SUPPLIED RECORDS Start Marker

(* Let $(\mathbf{i},\kappa)$ be an idempotent datum as in the context. Then $(\mathbf{i},\kappa)$ admits a compatible metric longitude if and only if it is a parity idempotent datum.
   Context: $I$ is the vertex set of a finite simple bipartite graph, $I=I_{\bar0}\sqcup I_{\bar1}$; an integer $k$ has the parity of $i$ if $k\bmod2$ equals the parity of $i$. Fix a total order $v_1<\dots<v_r$ on $I$ with all even vertices first. Let $\mathbf{R}=(R_i)_{i\in I}$ where $R_i$ is a finite multiset of integers of the parity of $i$ ($\lambda_i=|R_i|$, $\ell=\sum_i\lambda_i$). With $\rho_i(q)$ the multiplicity of $2q$ (i even) or $2q+1$ (i odd) in $R_i$, form the sequence of labels $(j_1,\dots,j_\ell)$ as the concatenation over increasing $q\in\mathbb{Z}$ of blocks ($v_1$ repeated $\rho_{v_1}(q)$ times, …, $v_r$ repeated $\rho_{v_r}(q)$ times); the $p$-th red strand has label $j_p$ and longitude $r_p$, the corresponding element of $R_{j_p}$ (so $r_1\le\dots\le r_\ell$). An idempotent datum is $(\mathbf{i},\kappa)$ with $\mathbf{i}=(i_1,\dots,i_n)\in I^n$ (labels of black strands) and $\kappa:\{1,\dots,\ell\}\to\{0,\dots,n\}$ weakly increasing; it describes a left-to-right sequence of strands in which red strand $p$ lies between the $\kappa(p)$-th and $(\kappa(p)+1)$-st black strands. Each strand has the parity of its label. Parity distance: for consecutive strands $s$ left of $s'$, $\delta(s,s')=2$ if $s$ is black, $s'$ is red and they have the same parity; $1$ if they have different parities; $0$ otherwise; for $s$ left of $s'$ non-consecutive, $\delta(s,s')$ is the sum over consecutive pairs between them. $(\mathbf{i},\kappa)$ is parity if $\delta(p,p')\le|r_p-r_{p'}|$ for every pair of red strands $p$ left of $p'$. A compatible metric longitude is $\mathbf{a}=(a_1,\dots,a_n)\in\mathbb{Z}^n$ with (1) $a_k$ of the parity of $i_k$, (2) $a_k\le a_{k+1}$, (3) for all $k,p$: $a_k\ge r_p$ if and only if $k>\kappa(p)$. *)

From mathcomp Require Import all_boot all_order all_algebra.
Set Implicit Arguments. Unset Strict Implicit. Unset Printing Implicit Defensive.
Import Order.TTheory GRing.Theory Num.Theory.

(* Conventions:
   - The vertex set I with its fixed total order v_1 < ... < v_r is 'I_r
     (with the natural order of ordinals); [par v] is true iff v is odd.
   - Integers have parity [odd `|z|].
   - Strands, red strands and black strands are 0-indexed. *)

Definition zpar (z : int) : bool := odd `|z|%N.

Definition rho (r : nat) (par : 'I_r -> bool) (R : 'I_r -> seq int)
  (v : 'I_r) (q : int) : nat :=
  count_mem (2 * q + (par v)%:R)%R (R v).

(* a finite window of q's that contains every q with some rho_v(q) > 0 *)
Definition qbound (r : nat) (R : 'I_r -> seq int) : nat :=
  \sum_(v : 'I_r) \sum_(z <- R v) `|z|%N.

Definition qrange (r : nat) (R : 'I_r -> seq int) : seq int :=
  [seq (k%:Z - (qbound R)%:Z)%R | k <- iota 0 (qbound R).*2.+1].

(* The red strands, left to right: (label j_p, longitude r_p), obtained by
   concatenating over increasing q the blocks
   (v_1 repeated rho_{v_1}(q) times, ..., v_r repeated rho_{v_r}(q) times). *)
Definition reds (r : nat) (par : 'I_r -> bool) (R : 'I_r -> seq int)
  : seq ('I_r * int) :=
  flatten [seq flatten [seq nseq (rho par R v q) (v, (2 * q + (par v)%:R)%R)
                       | v <- enum 'I_r]
          | q <- qrange R].

(* strands: inl k = k-th black strand, inr p = p-th red strand *)
Definition strand := (nat + nat)%type.

(* left-to-right sequence of strands: red strand p lies between the
   kappa(p)-th and (kappa(p)+1)-st black strands (1-indexed as in the paper) *)
Definition strands (n : nat) (kappa : seq nat) : seq strand :=
  flatten [seq [seq (inr p : strand) | p <- iota 0 (size kappa)
                                     & nth 0 kappa p == k]
               ++ (if k < n then [:: (inl k : strand)] else [::])
          | k <- iota 0 n.+1].

Definition is_black (s : strand) : bool := if s is inl _ then true else false.
Definition is_red (s : strand) : bool := ~~ is_black s.

Definition spar (r : nat) (par : 'I_r -> bool) (R : 'I_r -> seq int)
  (ii : seq 'I_r) (s : strand) : bool :=
  match s with
  | inl k => nth false (map par ii) k
  | inr p => nth false (map (fun x => par x.1) (reds par R)) p
  end.

Definition delta1 (r : nat) (par : 'I_r -> bool) (R : 'I_r -> seq int)
  (ii : seq 'I_r) (s s' : strand) : nat :=
  if is_black s && is_red s' && (spar par R ii s == spar par R ii s') then 2
  else if spar par R ii s != spar par R ii s' then 1 else 0.

Definition pdist (r : nat) (par : 'I_r -> bool) (R : 'I_r -> seq int)
  (ii : seq 'I_r) (S : seq strand) (a b : nat) : nat :=
  \sum_(a <= t < b) delta1 par R ii (nth (inl 0) S t) (nth (inl 0) S t.+1).

Definition longitude (r : nat) (par : 'I_r -> bool) (R : 'I_r -> seq int)
  (p : nat) : int := nth 0%R (map snd (reds par R)) p.

Definition idem_datum (r : nat) (par : 'I_r -> bool) (R : 'I_r -> seq int)
  (ii : seq 'I_r) (kappa : seq nat) : Prop :=
  [/\ size kappa = size (reds par R),
      all (fun k => k <= size ii) kappa & sorted leq kappa].

Definition parity_datum (r : nat) (par : 'I_r -> bool) (R : 'I_r -> seq int)
  (ii : seq 'I_r) (kappa : seq nat) : Prop :=
  let S := strands (size ii) kappa in
  forall p p', p < p' -> p' < size (reds par R) ->
    (pdist par R ii S (index (inr p : strand) S) (index (inr p' : strand) S)
       <= `|longitude par R p - longitude par R p'|)%N.

Definition compatible_metric_longitude (r : nat) (par : 'I_r -> bool)
  (R : 'I_r -> seq int) (ii : seq 'I_r) (kappa : seq nat) (a : seq int) : Prop :=
  [/\ size a = size ii,
      (forall k, k < size a -> zpar (nth 0%R a k) = nth false (map par ii) k),
      (forall k, k.+1 < size a -> (nth 0%R a k <= nth 0%R a k.+1)%R) &
      (* 0-indexed black k is the paper's (k+1)-st: a_{k+1} >= r_p iff k+1 > kappa(p) *)
      (forall k p, k < size a -> p < size (reds par R) ->
         (longitude par R p <= nth 0%R a k)%R = (nth 0 kappa p <= k))].
(* Let $p$ be a prime and $(a,b,c)$ a primitive positive definite form of discriminant $\Delta<0$. Then $$P_{p,0}(a,b,c,q)=\begin{cases}(a,bp,cp^2,q), & p\mid a,\ \left(\frac{\Delta}{p}\right)=0,\\ f_1(q), & p\nmid a,\ \left(\frac{\Delta}{p}\right)=0,\\ (a,b,c,q^{p^2}), & \left(\frac{\Delta}{p}\right)=-1,\\ f_2(q)+(a,pb,cp^2,q)-(a,b,c,q^{p^2}), & p\mid a,\ \left(\frac{\Delta}{p}\right)=1,\\ f_3(q)+f_4(q)-(a,b,c,q^{p^2}), & p\nmid a,\ \left(\frac{\Delta}{p}\right)=1,\end{cases}$$ where $f_i(q):=(ap^2,\,p(b+2ah_i),\,ah_i^2+bh_i+c,\,q)$ and $0\le h_i<p$ are: for $p$ odd, $h_1\equiv -b/(2a)$, $h_2\equiv -c/b$, $h_3\equiv(-b+\sqrt{\Delta})/(2a)$, $h_4\equiv(-b-\sqrt{\Delta})/(2a)\pmod p$ ($\sqrt\Delta$ a fixed square root of $\Delta$ mod $p$); for $p=2$, $h_1\equiv h_2\equiv h_3\equiv c\pmod 2$ and $h_4\not\equiv h_3\pmod 2$.
   Context: For integers $A,B,C$ with $A>0$, $B^2-4AC<0$, the theta series is the formal power series $(A,B,C,q):=\sum_{(x,y)\in\mathbb Z^2}q^{Ax^2+Bxy+Cy^2}=\sum_{n\ge0}(A,B,C;n)q^n$, where $(A,B,C;n)$ is the number of representations of $n$ by $Ax^2+Bxy+Cy^2$; $(A,B,C,q^{k})$ denotes this series with $q$ replaced by $q^k$. For $m\ge1$ and $0\le r<m$, the projection operator is $P_{m,r}\sum_{n\ge0}a(n)q^n=\sum_{n\ge0}a(mn+r)q^{mn+r}$. $\left(\frac{\Delta}{p}\right)$ is the Kronecker symbol. *)

From HB Require Import structures.
From mathcomp Require Import all_boot all_order all_algebra.
Set Implicit Arguments. Unset Strict Implicit. Unset Printing Implicit Defensive.
Import Order.TTheory GRing.Theory Num.Theory.
Local Open Scope ring_scope.

Definition qform (A B C x y : int) : int := A * x ^+ 2 + B * x * y + C * y ^+ 2.

(* Search radius: for a positive definite form, any (x,y) with Q(x,y) = n
   satisfies |x| <= 4 C n and |y| <= 4 A n, hence lies in the box below. *)
Definition rep_bound (A C : int) (n : nat) : nat := (4 * (`|A| + `|C|) * n)%N.

Definition box (N : nat) : seq int := [seq (i%:Z - N%:Z) | i <- iota 0 (2 * N).+1].

(* (A,B,C;n): the number of (x,y) in Z^2 with A x^2 + B x y + C y^2 = n
   (for positive definite forms; all representations lie in the box). *)
Definition rep (A B C : int) (n : nat) : nat :=
  let N := rep_bound A C n in
  (\sum_(x <- box N) \sum_(y <- box N) (qform A B C x y == n%:Z))%N.

(* Formal power series with integer coefficients, as coefficient functions. *)
Definition theta (A B C : int) : nat -> int := fun n => (rep A B C n)%:Z.

Definition theta_pow (k : nat) (A B C : int) : nat -> int :=
  fun n => if (k %| n)%N then (rep A B C (n %/ k))%:Z else 0.

Definition proj (m r : nat) (f : nat -> int) : nat -> int :=
  fun n => if (n %% m == r)%N then f n else 0.

Definition kron (D : int) (p : nat) : int :=
  if p == 2%N then
    (if (2 %| D)%Z then 0
     else if ((D %% 8)%Z == 1) || ((D %% 8)%Z == 7) then 1 else -1)
  else if (p%:Z %| D)%Z then 0
  else if [exists x : 'I_p, (p%:Z %| (x%:Z) ^+ 2 - D)%Z] then 1 else -1.

Definition primitive_form (A B C : int) : Prop := gcdz (gcdz A B) C = 1.

Definition disc (A B C : int) : int := B ^+ 2 - 4 * A * C.

Definition ftheta (p : nat) (a b c : int) (h : nat) : nat -> int :=
  theta (a * (p%:Z) ^+ 2) (p%:Z * (b + 2 * a * h%:Z))
        (a * (h%:Z) ^+ 2 + b * h%:Z + c).

Definition congz (p : nat) (x y : int) : Prop := (p%:Z %| x - y)%Z.

(* Conditions defining h_1, ..., h_4 (with 0 <= h < p imposed separately). *)
Definition hcond1 (p : nat) (a b c : int) (h : nat) : Prop :=
  if p == 2%N then congz 2 h%:Z c else congz p (2 * a * h%:Z) (- b).
Definition hcond2 (p : nat) (a b c : int) (h : nat) : Prop :=
  if p == 2%N then congz 2 h%:Z c else congz p (b * h%:Z) (- c).
(* s is the fixed square root of the discriminant mod p (used for p odd) *)
Definition hcond3 (p : nat) (a b c s : int) (h : nat) : Prop :=
  if p == 2%N then congz 2 h%:Z c else congz p (2 * a * h%:Z) (- b + s).
Definition hcond4 (p : nat) (a b c s : int) (h3 h : nat) : Prop :=
  if p == 2%N then ~ congz 2 h%:Z h3%:Z else congz p (2 * a * h%:Z) (- b - s).
(* Let $\alpha>-1$, $d\in\widetilde{D}$, $p=(L_n^{(\alpha)})_{n\in\mathbb{N}_0}$, $q=(L_n^{(\alpha+1)})_{n\in\mathbb{N}_0}$, and let $T=E_{p,d}$ be regarded as an operator in $H(q)$ with domain $\mathcal{P}_c$. For $g=\sum_kg_kq_k\in H(q)$: (i) $g\in D(T^* )$ iff $\sum_{k=0}^\infty\left|g_k\bar d_k+\sum_{t=0}^{k-1}(\bar d_t-\bar d_{t+1})g_t\right|^2<\infty$; (ii) for $g\in D(T^* )$, $T^*g=\sum_{k=0}^\infty\left[g_k\bar d_k+\sum_{t=0}^{k-1}(\bar d_t-\bar d_{t+1})g_t\right]q_k$; (iii) for fixed $j\in\mathbb{N}_0$, $q_j\in D(T^* )$ iff $\bar d_j-\bar d_{j+1}=0$; (iv) $E_{L^{(\alpha)},d}$ is unbounded as an operator in $H(q)$, for every $d\in\widetilde{D}$.
   Context: $\mathcal{P}_c$ is the space of polynomials in one real variable with complex coefficients. For $\beta>-1$, $L_n^{(\beta)}(x)=\sum_{k=0}^n\frac{(-1)^k}{k!}\binom{n+\beta}{n-k}x^k$ is the generalized Laguerre polynomial. For a sequence $Q=(Q_n)$ of polynomials with $\deg Q_n=n$, $H(Q)$ is the completion of $\mathcal{P}_c$ with respect to the inner product making $(Q_n)$ orthonormal (so here the unnormalized $L_n^{(\alpha+1)}$ are orthonormal); $g\in H(Q)$ is written $g=\sum_kg_kQ_k$, $(g_k)\in\ell_2$. $\widetilde{D}$ is the set of non-constant sequences of non-zero complex numbers. For a polynomial sequence $p$ and $d\in\widetilde{D}$, $E_{p,d}$ is the linear map on $\mathcal{P}_c$ with $E_{p,d}(p_n)=d_np_n$. $T^*$ is the Hilbert space adjoint. *)

From HB Require Import structures.
From mathcomp Require Import all_boot all_order all_algebra.
From mathcomp Require Import complex reals.
From Stdlib Require Import ClassicalEpsilon.
Set Implicit Arguments. Unset Strict Implicit. Unset Printing Implicit Defensive.
Import Order.TTheory GRing.Theory Num.Theory.
Local Open Scope ring_scope.
Local Open Scope complex_scope.
(* Let $G=(V,E)$ be a graph on $n$ vertices such that $\deg(u)+\deg(v)\geq n+d-2$ for all pairs of distinct non-adjacent vertices $u,v$. If there is a vertex $w\in V$ such that every pair of non-adjacent vertices $u,v\in N_G(w)$ is $\mathcal{R}_d$-linked in $G$, then $G$ is rigid in $\mathbb{R}^d$.
   Context: A graph is rigid in $\mathbb{R}^d$ if some (equivalently every) generic $d$-dimensional bar-and-joint framework of it (coordinates algebraically independent over $\mathbb{Q}$) admits no continuous edge-length-preserving motion changing some pairwise distance. $r_d$ is the rank function of the $d$-dimensional generic rigidity matroid on edge sets (linear independence of rows of the rigidity matrix of a generic framework); a non-adjacent pair $\{u,v\}$ is $\mathcal{R}_d$-linked in $G$ if $r_d(G+uv)=r_d(G)$. *)

From HB Require Import structures.
From mathcomp Require Import all_boot all_order all_algebra.
From mathcomp Require Import mpoly.
From mathcomp Require Import reals.

Set Implicit Arguments.
Unset Strict Implicit.
Unset Printing Implicit Defensive.

Import Order.TTheory GRing.Theory Num.Theory.
Local Open Scope ring_scope.

Definition simple_graph (n : nat) (e : rel 'I_n) : Prop :=
  ssrbool.symmetric e /\ ssrbool.irreflexive e.

Definition deg (n : nat) (e : rel 'I_n) (u : 'I_n) : nat := #|[set v | e u v]|.
Definition nbhd (n : nat) (e : rel 'I_n) (w : 'I_n) : {set 'I_n} := [set v | e w v].

Definition add_edge (n : nat) (e : rel 'I_n) (u v : 'I_n) : rel 'I_n :=
  fun x y => [|| e x y, (x == u) && (y == v) | (x == v) && (y == u)].

(** A d-dimensional framework of a graph on 'I_n : row i is the position
    p(i) in R^d. *)
Notation framework R n d := 'M[R]_(n, d).

(** Generic framework: the n*d coordinates are algebraically independent
    over Q, i.e. no nonzero rational polynomial in n*d variables vanishes
    at them. *)
Definition generic (R : realType) (n d : nat) (P : framework R n d) : Prop :=
  forall q : {mpoly rat[n * d]}, q != 0 ->
    (map_mpoly (ratr : rat -> R) q).@[fun j => mxvec P 0 j] != 0.

Definition sqdist (R : realType) (n d : nat) (P : framework R n d) (i j : 'I_n) : R :=
  \sum_(k < d) (P i k - P j k) ^+ 2.

Definition in01 (R : realType) (t : R) : bool := (0 <= t) && (t <= 1).

Definition continuous_on01 (R : realType) (n d : nat)
  (f : R -> framework R n d) : Prop :=
  forall t, in01 t -> forall eps : R, 0 < eps ->
    exists2 delta : R, 0 < delta &
      forall s, in01 s -> `|s - t| < delta ->
        forall i k, `|f s i k - f t i k| < eps.

Definition nontrivial_motion (R : realType) (n d : nat) (e : rel 'I_n)
  (P : framework R n d) : Prop :=
  exists f : R -> framework R n d,
    [/\ continuous_on01 f, f 0 = P,
        (forall t, in01 t -> forall u v, e u v -> sqdist (f t) u v = sqdist P u v) &
        exists t, exists u, exists v,
          in01 t /\ sqdist (f t) u v != sqdist P u v].

(** G is rigid in R^d: every generic framework admits no such motion
    (the context says "some (equivalently every)"; we use "every"). *)
Definition rigid (R : realType) (n d : nat) (e : rel 'I_n) : Prop :=
  forall P : framework R n d, generic P -> ~ nontrivial_motion e P.

(** Rigidity matrix of (G,P): one row (flattened via mxvec) for each ordered
    pair (u,v) with e u v (the rows for (u,v) and (v,u) are opposite, and
    pairs that are not edges give zero rows, so the rank is that of the
    usual rigidity matrix). *)
Definition rig_row (R : realType) (n d : nat) (e : rel 'I_n)
  (P : framework R n d) (uv : 'I_n * 'I_n) : 'M[R]_(n, d) :=
  if e uv.1 uv.2 then
    \matrix_(i, k) (((i == uv.1)%:R - (i == uv.2)%:R) * (P uv.1 k - P uv.2 k))
  else 0.

Definition rigidity_matrix (R : realType) (n d : nat) (e : rel 'I_n)
  (P : framework R n d) : 'M[R]_(#|{: 'I_n * 'I_n}|, n * d) :=
  \matrix_(a < #|{: 'I_n * 'I_n}|) mxvec (rig_row e P (enum_val a)).

(** r_d(G) evaluated at the framework P (for generic P this is the generic
    rank). *)
Definition rank_at (R : realType) (n d : nat) (e : rel 'I_n)
  (P : framework R n d) : nat := \rank (rigidity_matrix e P).

(** {u,v} non-adjacent is R_d-linked in G: r_d(G+uv) = r_d(G), the rank
    being computed at a generic framework (independent of the choice). *)
Definition Rd_linked (R : realType) (n d : nat) (e : rel 'I_n) (u v : 'I_n) : Prop :=
  forall P : framework R n d, generic P ->
    rank_at (add_edge e u v) P = rank_at e P.

From HB Require Import structures.
From mathcomp Require Import all_boot all_order all_algebra.
From mathcomp Require Import mpoly.
From mathcomp Require Import reals.
From mathcomp Require classical_sets.
From mathcomp Require Import ring zify.

Set Implicit Arguments.
Unset Strict Implicit.
Unset Printing Implicit Defensive.

Import Order.TTheory GRing.Theory Num.Theory.
Local Open Scope ring_scope.

(* Let P be generic and D an infinitesimal flex of (G, P). D has zero strain on
   every pair of the closed neighbourhood N[w]: on edges by definition, and on
   the non-adjacent pairs of N(w) because they are R_d-linked. By the degree
   condition, a vertex x outside N[w] has d common neighbours c_1, ..., c_d with
   w; for any other vertex y, the points x, y, c_1, ..., c_d carry K_{d+2} minus
   the edge xy, which is infinitesimally rigid in generic position, so D has zero
   strain on xy as soon as it has on every y c_i. Hence D is trivial: the
   rigidity matrix of G has the row space of that of the complete graph.
   Rigidity follows as in Asimow and Roth. Along a motion f, the times t at which
   f t is congruent to P form a closed subset of [0, 1]. They form an open one
   because f t - f t0 is an infinitesimal flex of (G, f t0 + f t), whose rigidity
   matrix keeps, for t near t0, the rank of the complete graph at P: the rank is
   lower semicontinuous and at t = t0 it only depends on distances. *)

Lemma mul_tr_mxE (R : comNzRingType) m N p (A : 'M[R]_(m, N)) (B : 'M[R]_(p, N)) i j :
  (A *m B^T) i j = \sum_(k < N) A i k * B j k.
Proof. by rewrite mxE; apply: eq_bigr => k _; rewrite mxE. Qed.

SUPPLIED RECORDS End Marker

=== ASSIGNMENT ===
Starting at the line that contains "(* (A,B,C;n): the" and stopping after the line that contains "(\sum_(x <- box", write out every line exactly as it appears above, and no other line.

=== OUTPUT FOR THIS EXERCISE ===
(* (A,B,C;n): the number of (x,y) in Z^2 with A x^2 + B x y + C y^2 = n
   (for positive definite forms; all representations lie in the box). *)
Definition rep (A B C : int) (n : nat) : nat :=
  let N := rep_bound A C n in
  (\sum_(x <- box N) \sum_(y <- box N) (qform A B C x y == n%:Z))%N.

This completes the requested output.